(* \begin{enumerate} \item The sets $[2,3],[2,4],[3,6],[3,7],[4,9],[4,10],[4,11]$ and $\{2,4\},\{2,5\},\{2,6\},\{2,3,5\},\{2,4,5\}$ all lie in $\mathcal L(C_2^5)$. \item For each integer $k\ge 2$, the sets $[2k,6k-4],[2k,6k-3],[2k,6k-2],[2k,6k-1]$ lie in $\mathcal L(C_2^5)$. \item For each integer $k\ge 1$, the sets $[2k+1,6k-2],[2k+1,6k-1],[2k+1,6k],[2k+1,6k+1]$ lie in $\mathcal L(C_2^5)$. \end{enumerate}
   Context: $C_2^r$ denotes an elementary abelian $2$-group of rank $r$; $[a,b]=\{x\in\mathbb Z:a\le x\le b\}$. For a subset $G_0$ of a finite abelian group $G$, a sequence over $G_0$ is an element of the free abelian monoid $\mathcal F(G_0)$ with basis $G_0$ (a finite unordered list of elements of $G_0$, repetitions allowed). $\mathcal B(G_0)$ is the monoid of zero-sum sequences over $G_0$ (including the empty sequence). An atom is a minimal zero-sum sequence, i.e. a nonempty zero-sum sequence that is not a product of two nonempty zero-sum sequences. For $B\in\mathcal B(G_0)$, $\mathsf L(B)=\{k\in\mathbb N_0: B \text{ is a product of } k \text{ atoms}\}$, and $\mathcal L(G_0)=\{\mathsf L(B):B\in\mathcal B(G_0)\}$; $\mathcal L(G)$ is the case $G_0=G$. *)

From HB Require Import structures.
From mathcomp Require Import all_boot all_order all_algebra.
Set Implicit Arguments. Unset Strict Implicit. Unset Printing Implicit Defensive.
Import GRing.Theory.
Local Open Scope ring_scope.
------
- **What you need to do**: Return each line from the records that includes the word "Import".

- **Result**:
From HB Require Import structures.
From mathcomp Require Import all_boot all_order all_algebra.
Import GRing.Theory.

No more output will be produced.